On June 29, 2022, I had an SA article titled Liquidia (LQDA) vs. MannKind (MNKD): Treprostinil Is the Big ‘IF.’ At the end of the article, I indicated to the readers that my choice in the contest as to who would dominate the market with their respective PAH drug, the winner would be Liquidia.
Eighteen months later, Liquidia’s stock has increased by more than 200%. This dramatic increase in their share price has changed my short-term thesis for the stock. However, my long-term thesis remains in place. But any prudent investor should take advantage of their ownership in a stock that has more than doubled if they have identified another stock that might offer the same growth potential in the near term. What I have done with my portfolio is sell a little more than 50% of my Liquidia’s position.

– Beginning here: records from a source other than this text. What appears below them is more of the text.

(* Let $F\neq\{0\}$ be a finite abelian group, and let $A$ and $A_1$ be skew braces on $F\times\mathbb{Z}/2\mathbb{Z}$ constructed from data $(\phi,y,z)$ and $(\phi_1,y_1,z_1)$ respectively, as described in the context. Then $A$ and $A_1$ are isomorphic if and only if there exists $\sigma\in\operatorname{Aut}(F)$ such that $\phi_1=\sigma\circ\phi\circ\sigma^{-1}$, $\sigma(y)=y_1$, and $z_1-\sigma(z)\in\phi_1(F)$.
   Context: Admissible data on a finite abelian group $F\ne\{0\}$: a triple $(\phi,y,z)$ with $\phi\in\operatorname{End}(F)$, $y,z\in F$, $2y=0$, $\phi(z)=\phi(y)-2z$, $\phi(\phi(f))=-2\phi(f)$ for all $f\in F$, and such that the map $\psi\colon F\times\mathbb{Z}/2\mathbb{Z}\times\mathbb{Z}/2\mathbb{Z}\to F$, $\psi(f,k_1,k_2)=[k_2](\phi(f)-[k_1]z)$, is surjective. Here for $k\in\mathbb{Z}/2\mathbb{Z}$, $[k]\in\{0,1\}$ is its representative. The skew brace built from $(\phi,y,z)$ is the set $F\times\mathbb{Z}/2\mathbb{Z}$ with $(f_1,k_1)+(f_2,k_2)=(f_1+(-1)^{k_1}f_2+[k_1][k_2]y,\,k_1+k_2)$ and $(f_1,k_1)\circ(f_2,k_2)=(f_1+(-1)^{k_1}f_2+\psi(f_1,k_1,k_2)+[k_1][k_2]y,\,k_1+k_2)$. (A skew brace is a triple $(A,+,\circ)$ of two group structures with $a\circ(b+c)=a\circ b-a+a\circ c$; an isomorphism of skew braces is a bijection that is a homomorphism for both operations.) *)

From HB Require Import structures.
From mathcomp Require Import all_boot all_algebra.
Set Implicit Arguments. Unset Strict Implicit. Unset Printing Implicit Defensive.
Import GRing.Theory.
Local Open Scope ring_scope.

Definition is_endo (F : zmodType) (phi : F -> F) : Prop :=
  forall a b : F, phi (a + b) = phi a + phi b.

Definition is_aut (F : zmodType) (sigma : F -> F) : Prop :=
  is_endo sigma /\ bijective sigma.

(* Z/2Z is represented by bool: false = 0, true = 1; addition is xor (addb);
   the representative [k] in {0,1} of k acts by "if k then _ else 0". *)

Definition psi (F : zmodType) (phi : F -> F) (z : F) (f : F) (k1 k2 : bool) : F :=
  if k2 then phi f - (if k1 then z else 0) else 0.

Definition admissible (F : zmodType) (phi : F -> F) (y z : F) : Prop :=
  [/\ is_endo phi,
      y + y = 0,
      phi z = phi y - (z + z),
      (forall f : F, phi (phi f) = - (phi f + phi f)) &
      (forall g : F, exists f k1 k2, psi phi z f k1 k2 = g)].

Definition sb_add (F : zmodType) (y : F) (a b : F * bool) : F * bool :=
  (a.1 + (if a.2 then - b.1 else b.1) + (if a.2 && b.2 then y else 0),
   addb a.2 b.2).

Definition sb_circ (F : zmodType) (phi : F -> F) (y z : F)
    (a b : F * bool) : F * bool :=
  (a.1 + (if a.2 then - b.1 else b.1) + psi phi z a.1 a.2 b.2
     + (if a.2 && b.2 then y else 0),
   addb a.2 b.2).

Definition sb_iso (F : zmodType) (phi : F -> F) (y z : F)
    (phi1 : F -> F) (y1 z1 : F) (g : F * bool -> F * bool) : Prop :=
  [/\ bijective g,
      (forall a b, g (sb_add y a b) = sb_add y1 (g a) (g b)) &
      (forall a b, g (sb_circ phi y z a b) = sb_circ phi1 y1 z1 (g a) (g b))].

Definition sb_isomorphic (F : zmodType) (phi : F -> F) (y z : F)
    (phi1 : F -> F) (y1 z1 : F) : Prop :=
  exists g, sb_iso phi y z phi1 y1 z1 g.

From HB Require Import structures.
From mathcomp Require Import all_boot all_algebra.
Import GRing.Theory.
Set Implicit Arguments. Unset Strict Implicit. Unset Printing Implicit Defensive.
Local Open Scope ring_scope.

(* The key notion is that of a twist: for s : F -> F and w : F, the map
     sb_twist s w : (f, k) |-> (s f + [k] w, k).
   The proof has two halves.
   1. Twists are characterised: sb_twist s w is bijective iff s is; it is a
      homomorphism of the additive groups iff s is additive and s y = y1;
      and, given that, it respects the circle operations iff s intertwines
      phi with phi1 and z1 - s z = phi1 w.  The last fact goes through the
      decomposition  a o b = (psi(a,b), 0) + (a + b)  of the circle
      operation, which reduces it to s intertwining the maps psi.
   2. Every skew brace isomorphism g is a twist, with s = first component of
      g on F x {0} and w = first component of g (0, 1): by surjectivity of
      psi, g maps F x {0} into itself, and it respects the Z/2Z component. *)

Lemma endo0 (F : zmodType) (f : F -> F) : is_endo f -> f 0 = 0.
Proof. by move=> fD; apply/(addrI (f 0)); rewrite -fD !addr0. Qed.

Lemma endoN (F : zmodType) (f : F -> F) : is_endo f -> forall x, f (- x) = - f x.
Proof. by move=> fD x; apply/(addrI (f x)); rewrite -fD !subrr endo0. Qed.

Section SkewBraceOperations.
Variable F : zmodType.
Implicit Types (phi : F -> F) (y z : F) (a b c : F * bool).

Lemma sb_circE phi y z a b :
  sb_circ phi y z a b = sb_add y (psi phi z a.1 a.2 b.2, false) (sb_add y a b).
Proof.
rewrite /sb_circ /sb_add /= addr0; congr (_, _).
by rewrite [RHS]addrC addrAC.
Qed.

Lemma sb_add_cancelr y a b c : sb_add y a c = sb_add y b c -> a = b.
Proof.
case: a b c => [f k] [h l] [x m]; rewrite /sb_add /= => [[]].
by case: k; case: l; case: m => //= e _; congr (_, _); move: e;
  rewrite ?addr0 => /addIr // /addIr.
Qed.

End SkewBraceOperations.

Definition sb_twist (F : zmodType) (s : F -> F) (w : F) (a : F * bool) :
    F * bool :=
  (s a.1 + (if a.2 then w else 0), a.2).

Section Twists.
Variables (F : zmodType) (s : F -> F) (w : F).
Local Notation tw := (sb_twist s w).

Lemma sb_twist_even f : tw (f, false) = (s f, false).
Proof. by rewrite /sb_twist /= addr0. Qed.

Lemma sb_twist_bijective : bijective tw <-> bijective s.
Proof.
split=> [[ti tK tiK] | [si sK siK]].
- exists (fun h => (ti (h, false)).1) => h.
    by rewrite -sb_twist_even tK.
  have := tiK (h, false); case: (ti (h, false)) => x [] //.
  by rewrite sb_twist_even => -[].
- exists (fun a => (si (a.1 - (if a.2 then w else 0)), a.2)) => -[f k].
    by rewrite /sb_twist /= addrK sK.
  by rewrite /sb_twist /= siK subrK.
Qed.

Lemma sb_twist_add_hom (y y1 : F) :
  (forall a b, tw (sb_add y a b) = sb_add y1 (tw a) (tw b)) <->
  is_endo s /\ s y = y1.
Proof.
split=> [hom | [sD sy]].
- have sD : is_endo s.
    by move=> f h; have := hom (f, false) (h, false);
      rewrite /sb_add /= !addr0 !sb_twist_even => -[].
  split=> //; have := hom (0, true) (0, true).
  by rewrite /sb_add /sb_twist /= oppr0 !addr0 add0r subrr add0r => -[].
- have sN := endoN sD.
  case=> [f1 [|]] [f2 [|]]; rewrite /sb_twist /sb_add /= ?addr0 ?sD ?sN ?sy;
    congr (_, _).
  + by rewrite opprD addrACA subrr addr0.
  + by rewrite addrAC.
  + by rewrite addrA.
Qed.

Section CircleOperation.
Variables (phi : F -> F) (y z : F) (phi1 : F -> F) (y1 z1 : F).
Hypotheses (sD : is_endo s) (sy : s y = y1).

(* An additive twist respects the circle operations iff it intertwines psi;
   this follows from sb_circE and right cancellation. *)
Lemma sb_twist_circ_hom :
  (forall a b, tw (sb_circ phi y z a b) = sb_circ phi1 y1 z1 (tw a) (tw b)) <->
  (forall f k1 k2, s (psi phi z f k1 k2) = psi phi1 z1 (tw (f, k1)).1 k1 k2).
Proof.
have [_ tD] := sb_twist_add_hom y y1.
have {}tD := tD (conj sD sy).
have tcirc a b : tw (sb_circ phi y z a b) =
    sb_add y1 (s (psi phi z a.1 a.2 b.2), false) (tw (sb_add y a b)).
  by rewrite sb_circE tD sb_twist_even.
split=> [hom f k1 k2 | hpsi a b].
- have := hom (f, k1) (0, k2).
  rewrite tcirc sb_circE tD => /sb_add_cancelr [->].
  by case: k2.
- by rewrite tcirc sb_circE hpsi -tD; case: a.
Qed.

Lemma sb_twist_psi_iff : is_endo phi1 ->
  (forall f k1 k2, s (psi phi z f k1 k2) = psi phi1 z1 (tw (f, k1)).1 k1 k2) <->
  (forall f, phi1 (s f) = s (phi f)) /\ z1 - s z = phi1 w.
Proof.
move=> phi1D; have sN := endoN sD.
split=> [hpsi | [hcomm hz]].
- have hcomm f : phi1 (s f) = s (phi f).
    by have := hpsi f false true; rewrite /psi /sb_twist /= !subr0 addr0.
  split=> //; have := hpsi 0 true true.
  rewrite /psi /sb_twist /= sD sN phi1D hcomm -addrA => /addrI ->.
  by rewrite addrCA subrr addr0.
- move=> f [] [] //=; rewrite /psi /sb_twist /= ?subr0 ?addr0 ?(endo0 sD) //.
  by rewrite sD sN phi1D hcomm -hz addrCA addrAC subrr add0r.
Qed.

End CircleOperation.
End Twists.

Section Isomorphisms.
Variables (F : zmodType) (phi : F -> F) (y z : F) (phi1 : F -> F) (y1 z1 : F).
Variable g : F * bool -> F * bool.
Hypotheses (gbij : bijective g)
  (gadd : forall a b, g (sb_add y a b) = sb_add y1 (g a) (g b))
  (gcirc : forall a b, g (sb_circ phi y z a b) = sb_circ phi1 y1 z1 (g a) (g b)).

Lemma iso_psi a b :
  g (psi phi z a.1 a.2 b.2, false) =
  (psi phi1 z1 (g a).1 (g a).2 (g b).2, false).
Proof.
apply: (@sb_add_cancelr _ y1 _ _ (g (sb_add y a b))).
by rewrite -gadd -sb_circE gcirc sb_circE gadd.
Qed.

Hypothesis psi_surj : forall h, exists f k1 k2, psi phi z f k1 k2 = h.

(* As psi is onto F, the isomorphism maps F x {0} into itself. *)
Lemma iso_even h : (g (h, false)).2 = false.
Proof.
by have [f [k1 [k2 <-]]] := psi_surj h; rewrite (iso_psi (f, k1) (0, k2)).
Qed.

Lemma iso_is_twist : g =1 sb_twist (fun h => (g (h, false)).1) (g (0, true)).1.
Proof.
have gE h : g (h, false) = ((g (h, false)).1, false).
  by move: (iso_even h); case: (g (h, false)) => ? ? /= ->.
have godd h : g (h, true) = sb_add y1 (g (h, false)) (g (0, true)).
  by rewrite -gadd /sb_add /= !addr0.
have g1_odd : (g (0, true)).2 = true.
  case e: (g (0, true)).2 => //; case: gbij => gi _ giK.
  have := congr1 snd (giK (0, true)); case: (gi (0, true)) => h [].
    by rewrite godd /= iso_even e.
  by rewrite iso_even.
case=> h []; rewrite /sb_twist /=; last by rewrite addr0 -gE.
by rewrite godd {1}gE /sb_add /= g1_odd addr0.
Qed.

End Isomorphisms.

Theorem mainTheorem17 (F : finZmodType) (hF : (1 < #|F|)%N)
    (phi : F -> F) (y z : F) (phi1 : F -> F) (y1 z1 : F)
    (hA : admissible phi y z) (hA1 : admissible phi1 y1 z1) :
  sb_isomorphic phi y z phi1 y1 z1 <->
  exists sigma : F -> F,
    [/\ is_aut sigma,
        (exists sigma_inv : F -> F,
           [/\ cancel sigma sigma_inv, cancel sigma_inv sigma &
               forall f : F, phi1 f = sigma (phi (sigma_inv f))]),
        sigma y = y1 &
        exists f : F, z1 - sigma z = phi1 f].
Proof.
case: hA => _ _ _ _ psi_surj; case: hA1 => phi1D _ _ _ _.
split=> [[g [gbij gadd gcirc]] | [s [[sD _] [si [sK siK hconj]] sy [w hw]]]].
-
  have gE := iso_is_twist gbij gadd gcirc psi_surj.
  set s := fun h => (g (h, false)).1 in gE; set w := (g (0, true)).1 in gE.
  have [sD sy] : is_endo s /\ s y = y1.
    by apply/(sb_twist_add_hom s w) => a b; rewrite -!gE.
  have [hcomm hz] : (forall f, phi1 (s f) = s (phi f)) /\ z1 - s z = phi1 w.
    apply/(sb_twist_psi_iff w phi z z1 sD phi1D).
    apply/(sb_twist_circ_hom w phi z phi1 z1 sD sy).
    by move=> a b; rewrite -!gE.
  have [si sK siK] := (sb_twist_bijective s w).1 (eq_bij gbij gE).
  exists s; split=> //; first by split; [|exists si].
    by exists si; split=> // f; rewrite -hcomm siK.
  by exists w.
-
  have hcomm f : phi1 (s f) = s (phi f) by rewrite hconj sK.
  exists (sb_twist s w); split.
  + by apply/sb_twist_bijective; exists si.
  + exact/sb_twist_add_hom.
  + apply/(sb_twist_circ_hom w phi z phi1 z1 sD sy).
    by apply/(sb_twist_psi_iff w phi z z1 sD phi1D).
Qed.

It should be noted that with the shares I accumulated over a long term, the shares I kept are up more than 100%.
Based on my current action, my thesis for the hold rating is to sell a portion if you have benefited from the dramatic price increase. If you have another stock where you see the potential similar to Liquidia, you could take your cash position and roll your funds into that stock.
With the proceeds from my selling Liquidia, I have rolled the funds into another biotech that I’ve written about here on SA’s portal.
Akoya Biosciences: (AKYA) 2024 Could Be the Year to Own Their Stock. Their revenue has grown steadily over the last four years, and they are projecting the company will turn cash flow positive by the end of 2024.
For any new potential investors for Liquidia, I would take advantage of any near-term pullback from the current 52-week high in their share price. The market for their drugs and indications has allowed their major competitor, United Therapeutics (UTHR), to have triple-digit pricing for their shares. With updated events that I will share in this article, it is my belief that Liquidia can garner a major portion of the current patients suffering from lung diseases and where their product could be used.
Where Does the Liquidia Story Currently Stand
It has been an arduous and litigious process and battle between Liquidia, United Therapeutics, and MannKind, the ancillary player in this process. Since Liquidia appeared on the scene where they were promoting the potential for their PAH drug as being a cheaper and better version of Treprostinil, United, instead of reducing the price of their drug to compete in the market, United opted to take their case into the courts of law. Up until recently, United’s legal efforts have been very successful.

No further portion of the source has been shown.